AVAILABLE DATA:
Lemma piA_eq0 p : piA p = 0 <-> exists h, p = h * f.
Proof.
rewrite -(rmorph0 piA); split => [/eqP|/in_ideal_fP pf]; last first.
  by apply/eqP; rewrite -Quotient.idealrBE subr0.
by rewrite -Quotient.idealrBE subr0 => /in_ideal_fP.
Qed.

Lemma xyz_relation : xA ^+ a * yA ^+ b = zA ^+ c.
Proof.
have /eqP : piA f = 0 by apply/piA_eq0; exists 1; rewrite mul1r.
by rewrite rmorphB rmorphM !rmorphXn subr_eq0 => /eqP.
Qed.

Lemma piA_monoXY i j : piA (monoXY C i j)%:P = xA ^+ i * yA ^+ j.
Proof. by rewrite /monoXY !rmorphM !rmorphXn. Qed.

Lemma piA_monoXYM i j p :
  piA ((monoXY C i j)%:P * p) = xA ^+ i * yA ^+ j * piA p.
Proof. by rewrite rmorphM /= piA_monoXY. Qed.

Lemma piA_surj u : exists p, u = piA p.
Proof. by exists (repr u); rewrite reprK. Qed.

Lemma PR_ind (Q : P -> Prop) :
  (forall k, Q (const k)) -> (forall p q, Q p -> Q q -> Q (p + q)) ->
  (forall p, Q p -> Q (p * varX C)) -> (forall p, Q p -> Q (p * varY C)) ->
  (forall p, Q p -> Q (p * varZ C)) -> forall p, Q p.
Proof.
move=> Qk QD QX QY QZ.
have Q0 : Q 0 by have := Qk 0; rewrite /const !polyC0.
have QC1 (p : {poly C}) : Q p%:P%:P.
  by elim/poly_ind: p => // p k Qp; rewrite !polyCD !polyCM; apply/QD/Qk/QX.
have QC2 (p : {poly {poly C}}) : Q p%:P.
  by elim/poly_ind: p => // p k Qp; rewrite !polyCD !polyCM; apply/QD/QC1/QY.
by elim/poly_ind => // p k Qp; apply/QD/QC2/QZ.
Qed.

Definition eval3 (x0 y0 z0 : C) : P -> C :=
  horner_eval x0 \o horner_eval y0%:P \o horner_eval z0%:P%:P.

HB.instance Definition _ x0 y0 z0 := GRing.RMorphism.on (eval3 x0 y0 z0).

Lemma eval3E x0 y0 z0 p : eval3 x0 y0 z0 p = p.[z0%:P%:P].[y0%:P].[x0].
Proof. by rewrite /eval3 /= !horner_evalE. Qed.

Lemma eval3_const x0 y0 z0 k : eval3 x0 y0 z0 (const k) = k.
Proof. by rewrite eval3E !hornerC. Qed.

Lemma eval3X x0 y0 z0 : eval3 x0 y0 z0 (varX C) = x0.
Proof. by rewrite eval3E !hornerC hornerX. Qed.

Lemma eval3Y x0 y0 z0 : eval3 x0 y0 z0 (varY C) = y0.
Proof. by rewrite eval3E hornerC hornerX hornerC. Qed.

Lemma eval3Z x0 y0 z0 : eval3 x0 y0 z0 (varZ C) = z0.
Proof. by rewrite eval3E hornerX !hornerC. Qed.

Lemma eval3_f x0 y0 z0 : eval3 x0 y0 z0 f = x0 ^+ a * y0 ^+ b - z0 ^+ c.
Proof. by rewrite rmorphB rmorphM !rmorphXn /= eval3X eval3Y eval3Z. Qed.

Lemma point_eval psi p :
  is_pt psi -> psi (piA p) = eval3 (psi xA) (psi yA) (psi zA) p.
Proof.
move=> pt_psi; elim/PR_ind: p => [k|p q|p|p|p] => [|IHp IHq|IHp|IHp|IHp].
- by rewrite (point_iota pt_psi) eval3_const.
- by rewrite !rmorphD (pointD pt_psi) IHp IHq.
- by rewrite !rmorphM (pointM pt_psi) IHp /= eval3X.
- by rewrite !rmorphM (pointM pt_psi) IHp /= eval3Y.
- by rewrite !rmorphM (pointM pt_psi) IHp /= eval3Z.
Qed.

Section SurfacePoint.
Variables x0 y0 z0 : C.
Hypothesis on_surface : x0 ^+ a * y0 ^+ b = z0 ^+ c.

Definition surface_point (u : A) : C := eval3 x0 y0 z0 (repr u).

Lemma surface_point_pi p : surface_point (piA p) = eval3 x0 y0 z0 p.
Proof.
have /piA_eq0[h /eqP]: piA (repr (piA p) - p) = 0 by rewrite rmorphB /= reprK subrr.
rewrite /surface_point subr_eq => /eqP->.
by rewrite rmorphD rmorphM /= eval3_f on_surface subrr mulr0 add0r.
Qed.

Lemma is_point_surface : is_pt surface_point.
Proof.
split=> [u v|u v|k].
- by have [p ->] := piA_surj u; have [q ->] := piA_surj v;
    rewrite -rmorphD !surface_point_pi rmorphD.
- by have [p ->] := piA_surj u; have [q ->] := piA_surj v;
    rewrite -rmorphM !surface_point_pi rmorphM.
- by rewrite /iotaA surface_point_pi eval3_const.
Qed.

Lemma surface_point_xyz :
  [/\ surface_point xA = x0, surface_point yA = y0 & surface_point zA = z0].
Proof. by rewrite !surface_point_pi eval3X eval3Y eval3Z. Qed.

End SurfacePoint.
End Surface.

Lemma bivar_poly_eq0 (R : numDomainType) (u : {poly {poly R}}) :
  (forall x0 y0, x0 != 0 -> y0 != 0 -> u.[y0%:P].[x0] = 0) -> u = 0.
Proof.
move=> u0; apply/polyP => j; rewrite coef0; apply: poly_eq0_nonzero => x0 x0_neq0.
rewrite -horner_evalE -coef_map.
suff -> : map_poly (horner_eval x0) u = 0 by rewrite coef0.
apply: poly_eq0_nonzero => y0 y0_neq0.
have -> : y0 = horner_eval x0 y0%:P by rewrite horner_evalE hornerC.
by rewrite horner_map /= horner_evalE u0.
Qed.

Lemma uniq_roots_XnsubC (C : numClosedFieldType) n (m : C) :
  (0 < n)%N -> m != 0 ->
  exists rs : seq C, [/\ uniq rs, size rs = n & forall z, z \in rs -> z ^+ n = m].
Proof.
move=> n_gt0 m_neq0; have [rs def_p] := closed_field_poly_normal ('X^n - m%:P).
rewrite lead_coefXnsubC // scale1r in def_p.
exists rs; split.
- rewrite -separable_prod_XsubC -def_p unlock.
  apply/Bezout_eq1_coprimepP; exists ((- m^-1)%:P, (m^-1 / n%:R)%:P * 'X) => /=.
  rewrite derivB derivXn derivC subr0.
  have -> : (- m^-1)%:P * ('X^n - m%:P) = 1 - (m^-1)%:P * 'X^n.
    by rewrite mulrBr -polyCM mulNr mulVf // !polyCN polyC1 opprK mulNr addrC.
  have -> : (m^-1 / n%:R)%:P * 'X * ('X^(n.-1) *+ n) = (m^-1)%:P * 'X^n.
    rewrite mulrnAr -mulrA -exprS prednK // -mulrnAl -polyCMn.
    by rewrite -[(m^-1 / n%:R) *+ n]mulr_natr divfK // pnatr_eq0 -lt0n.
  by rewrite subrK.
- by have := size_prod_XsubC rs id; rewrite -def_p size_XnsubC // => -[].
- move=> z z_rs; have := root_prod_XsubC rs z; rewrite z_rs -def_p.
  by rewrite /root !hornerE subr_eq0 => /eqP.
Qed.

Section Separation.
Local Open Scope quotient_scope.
Variables (C : numClosedFieldType) (a b c : nat).
Hypothesis c_gt0 : (0 < c)%N.
Local Notation A := (Aring C a b c).
Local Notation P := (PR C).
Local Notation f := (fXYZ C a b c).
Local Notation piA := (\pi_A : P -> A).
Local Notation is_pt := (is_point (@iotaA C a b c)).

TASK DETAILS:
Give back the records above exactly, limited to the lines between the one holding "Proof. by rewrite /eval3" and the one holding "Proof. by rewrite eval3E !hornerC hornerX.", inclusive.

TASK SOLUTION:
Proof. by rewrite /eval3 /= !horner_evalE. Qed.

Lemma eval3_const x0 y0 z0 k : eval3 x0 y0 z0 (const k) = k.
Proof. by rewrite eval3E !hornerC. Qed.

Lemma eval3X x0 y0 z0 : eval3 x0 y0 z0 (varX C) = x0.
Proof. by rewrite eval3E !hornerC hornerX. Qed.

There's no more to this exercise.